Task to carry out -
If a line in the entries below holds the string "Hypotheses", copy it.

Records excerpted from a collection:
# # # #

Lemma TV_excess_set : TV mu p q = (2 * (a - b))%:E.
Proof.
rewrite /TV integral_excess_deficit_qzero; last first.
  apply/measurable_EFinP; apply: measurableT_comp => //; exact: measurable_funB.
have -> : \int[mu]_(x in excess_set) `|p x - q x|%:E = (1 * a - 1 * b)%:E.
  rewrite -integral_lin_densities //; last exact: measurable_excess_set.
  apply: eq_integral => x /set_mem /andP[_ qp].
  by rewrite !mul1r ger0_norm // subr_ge0 ltW.
have -> : \int[mu]_(x in deficit_set) `|p x - q x|%:E =
    (-1 * prob mu p deficit_set - -1 * prob mu q deficit_set)%:E.
  rewrite -integral_lin_densities //; last exact: measurable_deficit_set.
  apply: eq_integral => x /set_mem /andP[_ pleq].
  by rewrite !mulN1r opprK ler0_norm ?subr_le0 // opprB addrC.
have -> : \int[mu]_(x in qzero_set) `|p x - q x|%:E = 0.
  rewrite -[RHS]dprob_p_qzero_set; apply: eq_integral => x /set_mem /eqP ->.
  by rewrite subr0 ger0_norm // (proj1 (proj2 hp)).
rewrite !prob_deficit_set // ?dprob_qzero_set // adde0 -EFinD; congr EFin; lra.
Qed.

Lemma prob_excess_set_eq0 : b = 0%R -> a = 0%R.
Proof.
have mE := measurable_excess_set.
move=> b0; have := pq _ mE; rewrite !dprobE // b0 => /(_ erefl).
by move=> -[].
Qed.

Lemma binary_tangent_le_integral (t1 t2 : R) : (0 < t1)%R -> (0 < t2)%R ->
  (binary_tangent a b t1 t2)%:E <= \int[mu]_x (p x * ln (p x / q x))%:E.
Proof.
move=> t1_gt0 t2_gt0.
rewrite integral_excess_deficit_qzero; last first.
  exact/measurable_EFinP/measurable_KL_integrand.
have -> : \int[mu]_(x in qzero_set) (p x * ln (p x / q x))%:E = 0.
  by apply: integral0_eq => x /= /eqP ->; rewrite invr0 mulr0 ln0 // mulr0.
rewrite adde0.
have qE x : excess_set x -> q x != 0%R by case/andP.
have qD x : deficit_set x -> q x != 0%R by case/andP.
have := tangent_le_integral hp hq measurable_excess_set qE t1_gt0.
have := tangent_le_integral hp hq measurable_deficit_set qD t2_gt0.
rewrite !prob_deficit_set // ?dprob_qzero_set // => ineq2 ineq1.
apply: le_trans (leeD ineq1 ineq2); rewrite -EFinD lee_fin /binary_tangent; lra.
Qed.

Lemma binary_KL_le_KL (v : R) : (0 < v)%R -> v%:E <= TV mu p q ->
  exists b : R, [/\ (0 < b)%R, (b + v / 2 <= 1)%R &
    (binary_KL (b + v / 2) b)%:E <= KL mu p q].
Proof.
move=> v_gt0; rewrite TV_excess_set lee_fin => vab.
have b_ge0 : (0 <= b)%R := prob_ge0 hq excess_set.
have a_le1 : (a <= 1)%R.
  by have := prob_ge0 hp deficit_set; rewrite prob_deficit_set // subr_ge0.
have b_gt0 : (0 < b)%R.
  rewrite lt_neqAle eq_sym b_ge0 andbT; apply/eqP => /[dup] b0.
  by move/prob_excess_set_eq0 => a0; move: vab; rewrite a0 b0; lra.
exists b; split => //; first lra.
rewrite /KL asboolT //; apply: (@binary_KL_le_tangent_bound _ a) => //; try lra.
exact: binary_tangent_le_integral.
Qed.

End abs_cont.
End excess.

Section tilt.
Context {R : realType} {d : measure_display} {T : measurableType d}
  {mu : {measure set T -> \bar R}} (q : T -> R) (B : set T) (a b : R).
Hypotheses (hq : is_density mu q) (mB : measurable B) (qB : prob mu q B = b).
Hypotheses (b_gt0 : (0 < b)%R) (b_lt1 : (b < 1)%R).
Hypotheses (ba : (b <= a)%R) (a_le1 : (a <= 1)%R).

Definition tilt (x : T) : R :=
  q x * (a / b * \1_B x + (1 - a) / (1 - b) * \1_(~` B) x).

Let mq : measurable_fun setT q := proj1 hq.
Let q_ge0 x : (0 <= q x)%R := proj1 (proj2 hq) x.
Let mBC : measurable (~` B) := measurableC mB.
Let b1_gt0 : (0 < 1 - b)%R. Proof. by rewrite subr_gt0. Qed.

Lemma tilt_in x : B x -> tilt x = (a / b * q x)%R.
Proof.
by move=> Bx; rewrite /tilt !indicE mem_set // memNset // mulr0 addr0 mulr1 mulrC.
Qed.

Lemma tilt_out x : ~ B x -> tilt x = ((1 - a) / (1 - b) * q x)%R.
Proof.
move=> Bx; rewrite /tilt !indicE memNset // mem_set //.
by rewrite mulr0 add0r mulr1 mulrC.
Qed.

Lemma measurable_tilt : measurable_fun setT tilt.
Proof.
apply: measurable_funM => //; apply: measurable_funD;
  by apply: measurable_funM; [exact: measurable_cst | exact: measurable_indic].
Qed.

Lemma integral_piecewise_multiple (g : T -> R) (k1 k2 : R) :
  measurable_fun setT g ->
  (forall x, B x -> g x = k1 * q x)%R -> (forall x, ~ B x -> g x = k2 * q x)%R ->
  \int[mu]_x (g x)%:E = (k1 * b + k2 * (1 - b))%:E.
Proof.
move=> mg gB gBC.
have dB : [disjoint B & ~` B] by apply/disj_set2P; rewrite setICr.
rewrite -(setUv B) integral_setU //; last first.
  by apply: (measurable_funS measurableT) => //; exact/measurable_EFinP.
have -> : \int[mu]_(x in B) (g x)%:E = (k1 * prob mu q B - 0 * prob mu q B)%:E.
  rewrite -integral_lin_densities //; apply: eq_integral => x /set_mem /gB ->.
  by rewrite mul0r subr0.
have -> : \int[mu]_(x in ~` B) (g x)%:E =
    (k2 * prob mu q (~` B) - 0 * prob mu q (~` B))%:E.
  rewrite -integral_lin_densities //; apply: eq_integral => x /set_mem /gBC ->.
  by rewrite mul0r subr0.
by rewrite probC // qB -EFinD !mul0r !subr0.
Qed.

Lemma is_density_tilt : is_density mu tilt.
Proof.
split; first exact: measurable_tilt.
split.
  move=> x; have [Bx|Bx] := pselect (B x); [rewrite tilt_in | rewrite tilt_out] => //.
    by rewrite mulr_ge0 // divr_ge0 // ltW // (lt_le_trans b_gt0).
  by rewrite mulr_ge0 // divr_ge0 ?subr_ge0 // ltW.
rewrite (integral_piecewise_multiple _ _ _ measurable_tilt tilt_in tilt_out).
by rewrite !divfK ?gt_eqF // addrC subrK.
Qed.

Lemma TV_tilt : TV mu tilt q = (2 * (a - b))%:E.
Proof.
have k1_ge0 : (0 <= a / b - 1)%R by rewrite subr_ge0 ler_pdivlMr // mul1r.
have k2_ge0 : (0 <= 1 - (1 - a) / (1 - b))%R.
  by rewrite subr_ge0 ler_pdivrMr // mul1r lerD2l lerN2.
rewrite /TV (integral_piecewise_multiple _ (a / b - 1) (1 - (1 - a) / (1 - b))).
- by congr EFin; field; rewrite !gt_eqF.
- by apply: measurableT_comp => //; apply: measurable_funB => //; exact: measurable_tilt.
- move=> x Bx; rewrite tilt_in // -{2}(mul1r (q x)) -mulrBl.
  by rewrite ger0_norm // mulr_ge0.
- move=> x Bx; rewrite tilt_out // -{2}(mul1r (q x)) -mulrBl ler0_norm.
    by rewrite -mulNr opprB.
  by rewrite mulr_le0_ge0 // subr_le0 -subr_ge0.
Qed.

# # # #

Your solution -
Hypotheses (hq : is_density mu q) (mB : measurable B) (qB : prob mu q B = b).
Hypotheses (b_gt0 : (0 < b)%R) (b_lt1 : (b < 1)%R).
Hypotheses (ba : (b <= a)%R) (a_le1 : (a <= 1)%R).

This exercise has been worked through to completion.